Re: apply with multiple conditions

pguilha
Thank you both very much! the factor issue was indeed solved by your
modifications, and Jean that last bit of code does exactly what I
need. Perfect!
thanks again
paul

On 2 July 2012 21:34, Jean V Adams [via R]
<[hidden email]> wrote:

> Thanks for the intrusion!  I have
>         options(stringsAsFactors=FALSE)
> and Paul probably doesn't, so he saw factors where I saw characters.
>
> Paul,
>
> I saw your other note ... try this code
>
> L <- nrow(df)
> # assign a new bin every time chrom changes
> prev.chrom <- c(NA, df$chrom[-L])
> bin1 <- cumsum(is.na(prev.chrom) | df$chrom !=
> levels(df$chrom)[prev.chrom])
>
> # substract the minimum chromStart from each bin
> min.start <- tapply(df$chromStart, bin1, min, na.rm=TRUE)[bin1]
>
> # split bins further if chromStart >= 115341 + min.start
> bin2 <- floor((df$chromStart - min.start) / 115341)
>
> # combine the two bins into one
> df$bin <- interaction(bin1, bin2)
>
> df
>
>
> Jean
>
>
>
> Rui Barradas <[hidden email]> wrote on 07/02/2012 02:24:43 PM:
>
>> Hello,
>>
>> Sorry to intrude, but I think it's a factor issue.
>> Try the changing the disjunction to, (in multiline edit)
>>
>>
>> new.bin <- is.na(prev.chrom) |
>>       df$chrom != levels(df$chrom)[prev.chrom] |
>>       delta.start >= 115341
>>
>> It should work, now.
>>
>> Hope this helps,
>>
>> Rui Barradas
>>
>> Em 02-07-2012 20:03, pguilha escreveu:
>> > Jean,
>> > It's crazy, I'm still getting 1,2,3,4,5,6 in the bin column.....
>> > Also (this is an unrelated problem i think), unless I've misunderstood
>> > it, I think your code will only create a new bin if the difference
>> > between chromStart at i and i-1 position is >=115341....What I want is
>> > for a new bin to be created each time the difference between
>> > chromStart at i and i-j is >=115341, where 'i-j' corresponds to the
>> > first row of the last bin....Im not sure if I'm being
>> > clear...chromStart values correspond to coordinates along a chromosome
>> > so I want to basically cut up each chromosome into sections/bins of
>> > approximately 115341...
>> >
>> > thanks again for all your efforts with this, they're much appreciated!
>> > Paul
>> >
>> > On 2 July 2012 19:36, Jean V Adams [via R]

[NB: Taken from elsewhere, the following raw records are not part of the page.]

Section Group.
Variable T : topologicalType.
Variables (mul : T -> T -> T) (inv : T -> T) (one : T).
Hypothesis mulA : forall x y z, mul x (mul y z) = mul (mul x y) z.
Hypothesis mul1x : forall x, mul one x = x.
Hypothesis mulVx : forall x, mul (inv x) x = one.

Lemma mulKx a x : mul (inv a) (mul a x) = x.
Proof. by rewrite mulA mulVx mul1x. Qed.

Lemma mulxI a x y : mul a x = mul a y -> x = y.
Proof. by move=> e; rewrite -(mulKx a x) e mulKx. Qed.

Lemma mulxV x : mul x (inv x) = one.
Proof.
have idem : mul (mul x (inv x)) (mul x (inv x)) = mul x (inv x).
  by rewrite -mulA (mulA (inv x)) mulVx mul1x.
by rewrite -[LHS](mulKx (mul x (inv x))) idem mulVx.
Qed.

Lemma mulx1 x : mul x one = x.
Proof. by rewrite -(mulVx x) mulA mulxV mul1x. Qed.

Lemma mulVKx a x : mul a (mul (inv a) x) = x.
Proof. by rewrite mulA mulxV mul1x. Qed.

Lemma invM x y : inv (mul x y) = mul (inv y) (inv x).
Proof. by apply: (@mulxI (mul x y)); rewrite mulxV -mulA mulVKx mulxV. Qed.

Lemma inv1 : inv one = one.
Proof. by rewrite -[inv one]mulx1 mulVx. Qed.

Section Morphism.
Variable f : T -> T.
Hypothesis fM : forall x y, f (mul x y) = mul (f x) (f y).

Lemma morph1 : f one = one.
Proof. by apply: (@mulxI (f one)); rewrite -fM !mulx1. Qed.

Lemma morphV x : f (inv x) = inv (f x).
Proof. by apply: (@mulxI (f x)); rewrite -fM !mulxV morph1. Qed.

Lemma iter_morph k x y : iter k f (mul x y) = mul (iter k f x) (iter k f y).
Proof. by elim: k => //= k IH; rewrite IH fM. Qed.

End Morphism.

Notation subgroup := (is_subgroup mul inv one).

Section Subgroup.
Variable K : set T.
Hypothesis sK : subgroup K.

Lemma subgroup1 : K one. Proof. by case: sK. Qed.
Lemma subgroupM x y : K x -> K y -> K (mul x y). Proof. by case: sK => _ + _; apply. Qed.
Lemma subgroupV x : K x -> K (inv x). Proof. by case: sK => _ _; apply. Qed.

Lemma subgroupVM x y : K x -> K y -> K (mul (inv x) y).
Proof. by move=> Kx Ky; apply: subgroupM (subgroupV Kx) Ky. Qed.

Definition lcoset x := [set mul x y | y in K].

Lemma lcosetP x y : lcoset x y <-> K (mul (inv x) y).
Proof.
split=> [[k Kk <-]|Ky]; first by rewrite mulKx.
by exists (mul (inv x) y); rewrite ?mulVKx.
Qed.

Lemma lcoset_refl x : lcoset x x.
Proof. by apply/lcosetP; rewrite mulVx; exact: subgroup1. Qed.

Lemma lcoset_eqP x y : lcoset x = lcoset y <-> K (mul (inv x) y).
Proof.
split=> [e|Kxy]; first by apply/lcosetP; rewrite e; exact: lcoset_refl.
apply/seteqP; split=> z /lcosetP Kz; apply/lcosetP.
  have -> : mul (inv y) z = mul (inv (mul (inv x) y)) (mul (inv x) z).
    by rewrite invM -mulA mulKx.
  exact: subgroupVM.
have -> : mul (inv x) z = mul (mul (inv x) y) (mul (inv y) z).
  by rewrite -mulA mulVKx.
exact: subgroupM.
Qed.

End Subgroup.

Lemma subgroup_preimage f K : (forall x y, f (mul x y) = mul (f x) (f y)) ->
  subgroup K -> subgroup (f @^-1` K).
Proof.
move=> fM sK; split => /=.
- by rewrite morph1 //; exact: subgroup1.
- by move=> x y Kx Ky; rewrite fM; apply: subgroupM.
- by move=> x Kx; rewrite morphV //; apply: subgroupV.
Qed.

Lemma subgroup_bigcap (I : Type) (D : set I) (F : I -> set T) :
  (forall i, subgroup (F i)) -> subgroup (\bigcap_(i in D) F i).
Proof.
move=> sF; split.
- by move=> i _; exact: subgroup1.
- by move=> x y Fx Fy i Di; apply: subgroupM; [exact: sF|exact: Fx|exact: Fy].
- by move=> x Fx i Di; apply: subgroupV; [exact: sF|exact: Fx].
Qed.

Lemma subgroupI (A B : set T) : subgroup A -> subgroup B -> subgroup (A `&` B).
Proof.
move=> sA sB; split; first by split; exact: subgroup1.
- by move=> x y [Ax Bx] [Ay By]; split; apply: subgroupM.
- by move=> x [Ax Bx]; split; apply: subgroupV.
Qed.

Definition coset_rep (H K C : set T) := xget one (fun x => H x /\ lcoset K x = C).

Lemma coset_repP H K C : left_cosets mul H K C ->
  H (coset_rep H K C) /\ lcoset K (coset_rep H K C) = C.
Proof.
move=> [x Hx <-].
by apply: (@xgetPex _ one (fun y => H y /\ lcoset K y = lcoset K x)); exists x.
Qed.

Lemma index_tower (L H K : set T) : subgroup L -> subgroup H -> subgroup K ->
  K `<=` H -> H `<=` L ->
  left_cosets mul L K #= left_cosets mul L H `*` left_cosets mul H K.
Proof.
move=> sL sH sK KH HL; apply: card_esym; apply/card_set_bijP.
exists (fun p => lcoset K (mul (coset_rep L H p.1) (coset_rep H K p.2))); split.
- move=> [C D] [/= /coset_repP[Lc _] /coset_repP[Hd _]].
  by eexists; [apply: (subgroupM sL) Lc (HL _ Hd)|].
- move=> [C D] [C' D'] /set_mem[/= /coset_repP[Lc eC] /coset_repP[Hd eD]].
  move=> /set_mem[/= /coset_repP[Lc' eC'] /coset_repP[Hd' eD']] /=.
  set c := coset_rep L H C in Lc eC *; set d := coset_rep H K D in Hd eD *.
  set c' := coset_rep L H C' in Lc' eC' *; set d' := coset_rep H K D' in Hd' eD' *.
  move/(lcoset_eqP sK) => Kdd.
  have Hcc : H (mul (inv c) c').
    have -> : mul (inv c) c' =
              mul (mul d (mul (inv (mul c d)) (mul c' d'))) (inv d').
      by rewrite invM -!mulA mulVKx mulxV mulx1.
    by apply: (subgroupM sH) (subgroupV sH Hd'); apply: (subgroupM sH) (KH _ Kdd).
  have eCC : C = C' by rewrite -eC -eC'; apply/(lcoset_eqP sH).
  have ecc : c = c' by rewrite /c /c' eCC.
  rewrite -ecc invM -mulA mulKx in Kdd.
  by rewrite eCC -eD -eD'; congr (_, _); apply/(lcoset_eqP sK).
- move=> _ [x Lx <-].
  have LHx : left_cosets mul L H (lcoset H x) by exists x.
  have [Lc eC] := coset_repP LHx; set c := coset_rep L H _ in Lc eC *.
  have Hcx : H (mul (inv c) x) by apply/(lcoset_eqP sH).
  have HKcx : left_cosets mul H K (lcoset K (mul (inv c) x)) by exists (mul (inv c) x).
  have [Hd eD] := coset_repP HKcx; set d := coset_rep H K _ in Hd eD *.
  have Kdcx : K (mul (inv d) (mul (inv c) x)) by apply/(lcoset_eqP sK).
  exists (lcoset H x, lcoset K (mul (inv c) x)) => //=.
  by apply/(lcoset_eqP sK); rewrite invM -mulA.
Qed.

Lemma index_towerII (L H K : set T) n m : subgroup L -> subgroup H -> subgroup K ->
  K `<=` H -> H `<=` L ->
  left_cosets mul L H #= `I_n -> left_cosets mul H K #= `I_m ->
  left_cosets mul L K #= `I_(n * m).
Proof.
move=> sL sH sK KH HL LHn HKm.
exact: card_eq_trans (index_tower sL sH sK KH HL) (card_setX_II LHn HKm).
Qed.

Lemma index_morph (f : T -> T) (H K : set T) :
  (forall x y, f (mul x y) = mul (f x) (f y)) -> injective f ->
  left_cosets mul H K #= left_cosets mul (f @` H) (f @` K).
Proof.
move=> fM finj.
have f_lcoset x : f @` lcoset K x = lcoset (f @` K) (f x).
  apply/seteqP; split=> _ [_ [k Kk <-] <-].
    by rewrite fM; exists (f k) => //; exists k.
  by exists (mul x k); [exists k | rewrite fM].
apply/card_set_bijP; exists (image^~ f); split.
- by move=> _ [x Hx <-]; rewrite f_lcoset; exists (f x) => //; exists x.
- move=> C C' _ _ e; apply/seteqP; split=> z.
    by rewrite -(image_inj (f := f) (A := C)) // e image_inj.
  by rewrite -(image_inj (f := f) (A := C')) // -e image_inj.
- by move=> _ [_ [x Hx <-] <-]; exists (lcoset K x); [exists x|rewrite f_lcoset].
Qed.

Lemma index_le_cosets (B A U : set T) : subgroup A -> subgroup U ->
  (forall x, B x -> U x -> A x) -> (forall x y, B x -> B y -> B (mul (inv x) y)) ->
  left_cosets mul B A #<= left_cosets mul setT U.
Proof.
move=> sA sU BUA BVM; apply/pcard_leP/injfunPex.
exists (fun C => lcoset U (coset_rep B A C)).
- by move=> C _; exists (coset_rep B A C).
- move=> C C' /set_mem/coset_repP[Bc eC] /set_mem/coset_repP[Bc' eC'].
  by move/(lcoset_eqP sU) => Ucc; rewrite -eC -eC'; apply/(lcoset_eqP sA); auto.
Qed.

Hypothesis mul_cont : forall c, continuous (mul c).

Lemma open_lcoset (U : set T) x : subgroup U -> open U -> open (lcoset U x).
Proof.
move=> sU oU; have -> : lcoset U x = mul (inv x) @^-1` U.
  by apply/seteqP; split=> z /(lcosetP U).
by move/continuousP: (@mul_cont (inv x)); apply.
Qed.

Lemma closed_open_subgroup (U : set T) : subgroup U -> open U -> closed U.
Proof.
move=> sU oU; rewrite -[U]setCK closedC.
have -> : ~` U = \bigcup_(x in ~` U) lcoset U x.
  apply/seteqP; split=> [x nUx|x [y nUy [u Uu <-]] Uyu].
    by exists x => //; exact: lcoset_refl.
  apply: nUy; rewrite -[y]mulx1 -(mulxV u) mulA.
  exact: (subgroupM sU) (subgroupV sU Uu).
by apply: bigcup_open => x _; exact: open_lcoset.
Qed.

Hypothesis compactT : compact [set: T].

Lemma finite_cosets_open_subgroup (U : set T) : subgroup U -> open U ->
  finite_set (left_cosets mul setT U).
Proof.
move=> sU oU.
have [||D _ cov] := compact_cover_at one compactT (D := [set: T]) (f := lcoset U).
- by move=> x _; exact: open_lcoset.
- by move=> x _; exists x => //; exact: lcoset_refl.
apply: sub_finite_set (finite_image (lcoset U) (finite_fset D)).
move=> _ [x _ <-]; have [d Dd /(lcosetP U) Udx] := cov x I.
by exists d => //; apply/(lcoset_eqP sU).
Qed.

Lemma finite_of_trivial_open_subgroup (U : set T) : subgroup U -> open U ->
  U `<=` [set one] -> finite_set [set: T].
Proof.
move=> sU oU U1; apply: card_le_finite (finite_cosets_open_subgroup sU oU).
apply/pcard_leP/injfunPex; exists (lcoset U) => [x _|x y _ _]; first by exists x.
by move/(lcoset_eqP sU)/U1 => /= e; rewrite -(mulVKx x y) e mulx1.
Qed.

Lemma subset_of_index_le1 (H K : set T) : subgroup H -> subgroup K ->
  left_cosets mul H K #<= [set: unit] -> H `<=` K.
Proof.
move=> sH sK HK1 x Hx; have := card_le1_eq HK1 (ex_intro2 _ _ one (subgroup1 sH) erefl)
  (ex_intro2 _ _ x Hx erefl).
by move/(lcoset_eqP sK); rewrite inv1 mul1x.
Qed.

Section Automorphism.
Variables alpha beta : T -> T.
Hypothesis alphaM : forall x y, alpha (mul x y) = mul (alpha x) (alpha y).
Hypothesis alphaK : cancel alpha beta.
Hypothesis betaK : cancel beta alpha.
Hypothesis alpha_cont : continuous alpha.
Hypothesis alpha_open : forall U : set T, open U -> open (alpha @` U).

Lemma betaM x y : beta (mul x y) = mul (beta x) (beta y).
Proof. by rewrite -{1}(betaK x) -{1}(betaK y) -alphaM alphaK. Qed.

Lemma iter_alphaK k : cancel (iter k alpha) (iter k beta).
Proof. by elim: k => //= k IH x; rewrite iterSr iterS alphaK IH. Qed.

Lemma iter_betaK k : cancel (iter k beta) (iter k alpha).
Proof. by elim: k => //= k IH x; rewrite iterSr iterS betaK IH. Qed.

Lemma image_iterE k (S : set T) : iter k alpha @` S = iter k beta @^-1` S.
Proof.
apply/seteqP; split=> [_ [y Sy <-]|x Sx] /=; first by rewrite iter_alphaK.
by exists (iter k beta x); rewrite ?iter_betaK.
Qed.

Lemma image_alphaE (S : set T) : alpha @` S = beta @^-1` S.
Proof. exact: (image_iterE 1). Qed.

Lemma VplusE (V : set T) :
  Vplus alpha V = \bigcap_(k in [set: nat]) (iter k beta @^-1` V).
Proof. by apply: eq_bigcapr => k _; exact: image_iterE. Qed.

Lemma VminusE (V : set T) x : Vminus alpha V x <-> forall k, V (iter k alpha x).
Proof.
split=> [Vx [|k]|Vx [|k] _] /=.
- by have [y Vy <-] := Vx 0%N I.
- exact: Vx k.+1 I.
- by exists x; first exact: (Vx 0%N).
- exact: Vx k.+1.
Qed.

Lemma tidy_core_eq1 (V : set T) : tidy_core alpha V = [set one] -> forall x,
  (forall k, V (iter k beta x)) -> (forall k, V (iter k alpha x)) -> x = one.
Proof.
move=> core x Vbx Vax; suff : tidy_core alpha V x by rewrite core.
by move=> [k|k] _; [rewrite /apow_img image_iterE; exact: Vbx | exact: Vax].
Qed.

Lemma continuous_beta : continuous beta.
Proof. by apply/continuousP => A oA; rewrite -image_alphaE; exact: alpha_open. Qed.

Lemma Vplus_iter_beta (V : set T) m x :
  Vplus alpha V x -> Vplus alpha V (iter m beta x).
Proof. by rewrite VplusE => Vx k _; rewrite /= -iterD; exact: Vx. Qed.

>> > <[hidden email]> wrote:
>> >> Paul,
>> >>
>> >> Try this (I changed some of the object names, but the meat of the
> code is
>> >> the same):
>> >>
>> >> df <- data.frame(
>> >>          chrom = c("chr1", "chr1", "chr2", "chr2", "chr2", "chr2"),
>> >>          chromStart = c(10089, 10132, 10133, 10148, 210382, 216132),
>> >>          chromEnd = c(10309, 10536, 10362, 10418, 210578, 216352),
>> >>          name = c("ZBTB33", "TAF7_(SQ-8)", "Pol2-4H8",
> "MafF_(M8194)",
>
>> >> "ZBTB33", "CTCF"),
>> >>          cumsum = c(10089, 20221, 30354, 40502, 50884, 67016)
>> >>          )
>> >>
>> >> # assign a new bin every time chrom changes and every time chromStart
>> >> changes by 115341 or more
>> >> L <- nrow(df)
>> >> prev.chrom <- c(NA, df$chrom[-L])
>> >> delta.start <- c(NA, df$chromStart[-1] - df$chromStart[-L])

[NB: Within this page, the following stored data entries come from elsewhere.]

(* Let $k\ge1$ be an integer. Every uniformizable $k$-primal topological space is a functional Alexandroff space.
   Context: For a topological space $X$ and $a\in X$, $V(a):=\bigcap\{U: U\text{ open}, a\in U\}$. For $f:X\to X$ and $a\in X$, $V_f(a):=\bigcup_{n\ge0}f^{-n}(a)=\{x:\exists n\ge0,\ f^n(x)=a\}$. A topological space $X$ is $k$-primal if there exist maps $f_1,\dots,f_k:X\to X$ such that for each $a\in X$ the set $V_{f_1}(a)\cap\cdots\cap V_{f_k}(a)$ is open and is the smallest open neighbourhood of $a$ (i.e. equals $V(a)$ and is open). $X$ is a functional Alexandroff space if there is $f:X\to X$ such that the topology with basis $\{V_f(a):a\in X\}$ equals the topology of $X$ (equivalently, $X$ is $1$-primal). $X$ is uniformizable if its topology is induced by some uniform structure on $X$. *)

From HB Require Import structures.
From mathcomp Require Import all_boot all_order.
From mathcomp Require Import boolp classical_sets topology.
Set Implicit Arguments. Unset Strict Implicit. Unset Printing Implicit Defensive.
Local Open Scope classical_set_scope.

Definition Vmin {T : topologicalType} (a : T) : set T :=
  \bigcap_(U in [set U : set T | open U /\ U a]) U.

Definition Vf {T : Type} (f : T -> T) (a : T) : set T :=
  [set x | exists n : nat, iter n f x = a].

Definition k_primal (T : topologicalType) (k : nat) : Prop :=
  exists fs : 'I_k -> (T -> T), forall a : T,
    open (\bigcap_(i in [set: 'I_k]) Vf (fs i) a) /\
    \bigcap_(i in [set: 'I_k]) Vf (fs i) a = Vmin a.

(* X is a functional Alexandroff space: the topology with basis
   {V_f(a) : a in X} (open sets = unions of basis elements) equals that of X *)
Definition functional_alexandroff (T : topologicalType) : Prop :=
  exists f : T -> T, forall U : set T,
    open U <-> (forall x, U x -> exists a, Vf f a x /\ Vf f a `<=` U).

Definition uniform_structure {T : Type} (ent : set (set (T * T))) : Prop :=
  ent setT /\
  (forall E F, ent E -> E `<=` F -> ent F) /\
  (forall E F, ent E -> ent F -> ent (E `&` F)) /\
  (forall E, ent E -> forall x, E (x, x)) /\
  (forall E, ent E -> ent [set p | E (p.2, p.1)]) /\
  (forall E, ent E -> exists F, ent F /\
      (forall x y z, F (x, y) -> F (y, z) -> E (x, z))).

Definition uniformizable (T : topologicalType) : Prop :=
  exists ent : set (set (T * T)), uniform_structure ent /\
    forall U : set T,
      open U <-> (forall x, U x -> exists2 E, ent E & [set y | E (x, y)] `<=` U).

From mathcomp Require Import all_boot all_order.
From mathcomp Require Import boolp classical_sets topology.

(* In a uniformizable space the specialization preorder [Vmin a x] is
   symmetric, hence an equivalence relation whose classes are the minimal
   open sets [Vmin a]. A single map [f] of the k-primal family already sends
   every point of [Vmin a] to [a] after finitely many steps, so the first
   return map of [f] to the class of its argument permutes each class
   cyclically: its backward orbit of [a] is exactly [Vmin a]. Since these
   sets are open, they form a basis, and the topology is functional
   Alexandroff. *)

Set Implicit Arguments.
Unset Strict Implicit.
Unset Printing Implicit Defensive.
Local Open Scope classical_set_scope.

Section Specialization.
Variable T : topologicalType.

Lemma VminP (a x : T) : Vmin a x <-> (forall U, open U -> U a -> U x).
Proof.
by split => [Vax U oU Ua|Vax U [oU Ua]]; [apply: Vax | apply: Vax].
Qed.

Lemma Vmin_refl (a : T) : Vmin a a.
Proof. by apply/VminP. Qed.

Lemma Vmin_trans (a b c : T) : Vmin a b -> Vmin b c -> Vmin a c.
Proof.
move=> /VminP Vab /VminP Vbc; apply/VminP => U oU Ua.
exact/(Vbc _ oU)/(Vab _ oU).
Qed.

Lemma Vmin_sub (a : T) (U : set T) : open U -> U a -> Vmin a `<=` U.
Proof. by move=> oU Ua x /VminP Vax; apply: Vax. Qed.

Lemma open_VminP (U : set T) : (forall a : T, open (Vmin a)) ->
  open U <-> (forall x, U x -> Vmin x `<=` U).
Proof.
move=> oVmin; split => [oU x Ux|VminU]; first exact: Vmin_sub.
have -> : U = \bigcup_(x in U) Vmin x.
  apply/seteqP; split => [x Ux|x [y Uy Vyx]]; last exact: VminU Vyx.
  by exists x => //; apply: Vmin_refl.
by apply: bigcup_open => x _.
Qed.

Lemma functional_alexandroff_Vmin (g : T -> T) :
  (forall a : T, open (Vmin a)) -> (forall a : T, Vf g a = Vmin a) ->
  functional_alexandroff T.
Proof.
move=> oVmin VfE; exists g => U; rewrite (open_VminP _ oVmin).
split => [VminU x Ux|VfU x Ux].
  by exists x; rewrite VfE; split; [apply: Vmin_refl | apply: VminU].
have [a []] := VfU x Ux; rewrite VfE => Vax VminU y Vxy.
by apply: VminU; apply: Vmin_trans Vax Vxy.
Qed.

End Specialization.

Section UniformSpecialization.
Variables (T : topologicalType) (ent : set (set (T * T))).
Hypothesis ent_uniform : uniform_structure ent.
Hypothesis open_ent : forall U : set T,
  open U <-> (forall x, U x -> exists2 E, ent E & [set y | E (x, y)] `<=` U).

Lemma open_uniform_interior (A : set T) :
  open [set x | exists2 E, ent E & [set y | E (x, y)] `<=` A].
Proof.
have [_ [_ [_ [_ [_ ent_split]]]]] := ent_uniform.
apply/open_ent => x [E entE EA]; have [F [entF FFE]] := ent_split _ entE.
exists F => // y Fxy; exists F => // z Fyz.
by apply: EA; apply: FFE Fxy Fyz.
Qed.

Lemma Vmin_entourage (x y : T) (E : set (T * T)) :
  Vmin x y -> ent E -> E (x, y).
Proof.
have [_ [_ [_ [ent_refl _]]]] := ent_uniform.
move=> /VminP Vxy entE.
have [F entF FE] : exists2 F, ent F & [set z | F (y, z)] `<=` [set z | E (x, z)].
  by apply: (Vxy _ (open_uniform_interior [set z | E (x, z)])); exists E.
by apply: FE; apply: ent_refl.
Qed.

Lemma Vmin_sym (x y : T) : Vmin x y -> Vmin y x.
Proof.
have [_ [_ [_ [_ [ent_transpose _]]]]] := ent_uniform.
move=> Vxy; apply/VminP => U oU Uy.
have [E entE EU] := (open_ent U).1 oU y Uy.
by apply: EU; apply: Vmin_entourage Vxy (ent_transpose _ entE).
Qed.

End UniformSpecialization.

Section FirstReturn.
Variables (T : Type) (R : T -> T -> Prop) (f : T -> T).

Definition returns_at (x : T) : pred nat :=
  fun m => (0 < m)%N && `[< R x (iter m f x) >].

(* When [x] never returns to its [R]-class, [first_return x] defaults to [x]. *)
Definition first_return (x : T) : T :=
  match pselect (exists m, returns_at x m) with
  | left returns => iter (ex_minn returns) f x
  | right _ => x
  end.

Hypothesis R_refl : forall x, R x x.

Lemma first_return_rel (x : T) : R x (first_return x).
Proof.
rewrite /first_return; case: pselect => [returns|_] //.
by case: ex_minnP => m /andP[_ /asboolP].
Qed.

Lemma first_return_le (x : T) (j : nat) : returns_at x j ->
  exists2 m, (0 < m <= j)%N & first_return x = iter m f x.
Proof.
move=> ret_j; rewrite /first_return.
case: pselect => [returns|[]]; last by exists j.
case: ex_minnP => m /andP[m_gt0 _] m_min.
by exists m => //; rewrite m_gt0 m_min.
Qed.

Hypothesis R_sym : forall x y, R x y -> R y x.
Hypothesis R_trans : forall x y z, R x y -> R y z -> R x z.

Lemma iter_first_return_rel (n : nat) (x : T) : R x (iter n first_return x).
Proof.
elim: n => [|n IHn] /=; first exact: R_refl.
exact: R_trans IHn (first_return_rel _).
Qed.

Lemma first_return_reaches (j : nat) (x a : T) :
  R x a -> iter j f x = a -> exists n, iter n first_return x = a.
Proof.
elim/ltn_ind: j x a => -[_ x a _ <-|j IHj x a Rxa fjxa]; first by exists 0%N.
have [m /andP[m_gt0 m_le] retE] : exists2 m, (0 < m <= j.+1)%N & first_return x = iter m f x.
  by apply: first_return_le; rewrite /returns_at fjxa; apply/andP; split => //; apply/asboolP.
have [n retna] : exists n, iter n first_return (first_return x) = a.
  apply: (IHj (j.+1 - m)%N).
  - by rewrite ltn_subrL m_gt0.
  - exact: R_trans (R_sym (first_return_rel x)) Rxa.
  - by rewrite retE -iterD subnK.
by exists n.+1; rewrite iterSr.
Qed.

Lemma Vf_first_return (a : T) :
  R a `<=` Vf f a -> Vf first_return a = R a.
Proof.
move=> RVf; apply/seteqP; split => [x [n <-]|x Rax].
  exact/R_sym/iter_first_return_rel.
have [j fjxa] := RVf x Rax.
exact: first_return_reaches (R_sym Rax) fjxa.
Qed.

End FirstReturn.

Lemma k_primal_open_Vmin (T : topologicalType) (k : nat) :
  k_primal T k -> forall a : T, open (Vmin a).
Proof. by move=> [fs primal] a; have [open_bigcap <-] := primal a. Qed.

Lemma k_primal_Vmin_sub_Vf (T : topologicalType) (k : nat) : (0 < k)%N ->
  k_primal T k -> exists f : T -> T, forall a : T, Vmin a `<=` Vf f a.
Proof.
move=> k_gt0 [fs primal]; exists (fs (Ordinal k_gt0)) => a.
by have [_ <-] := primal a; move=> x /(_ (Ordinal k_gt0) I).
Qed.

Theorem mainTheorem7 (k : nat) (T : topologicalType) :
  (1 <= k)%N -> uniformizable T -> k_primal T k -> functional_alexandroff T.
Proof.
move=> k_gt0 [ent [ent_uniform open_ent]] primal.
have Vmin_sym := Vmin_sym ent_uniform open_ent.
have [f Vmin_sub_Vf] := k_primal_Vmin_sub_Vf k_gt0 primal.
apply: (@functional_alexandroff_Vmin _ (first_return Vmin f)).
  exact: k_primal_open_Vmin primal.
move=> a; apply: (Vf_first_return (@Vmin_refl T) Vmin_sym (@Vmin_trans T)).
exact: Vmin_sub_Vf.
Qed.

>> >> new.bin <- is.na(prev.chrom) | df$chrom != prev.chrom | delta.start
>>=
>> >> 115341
>> >> df$bin <- cumsum(new.bin)
>> >> df
>> >>
>> >>
>> >> pguilha <[hidden email]> wrote on 07/02/2012 10:23:36 AM:
>> >>
>> >>> Jean, that's exactly what it should be, but yes I copied and pasted
>> >>> from your email so I don't see how I could have introduced an error
> in
>
>> >>> there....
>> >>> paul
>> >>>
>> >>> On 2 July 2012 15:57, Jean V Adams [via R]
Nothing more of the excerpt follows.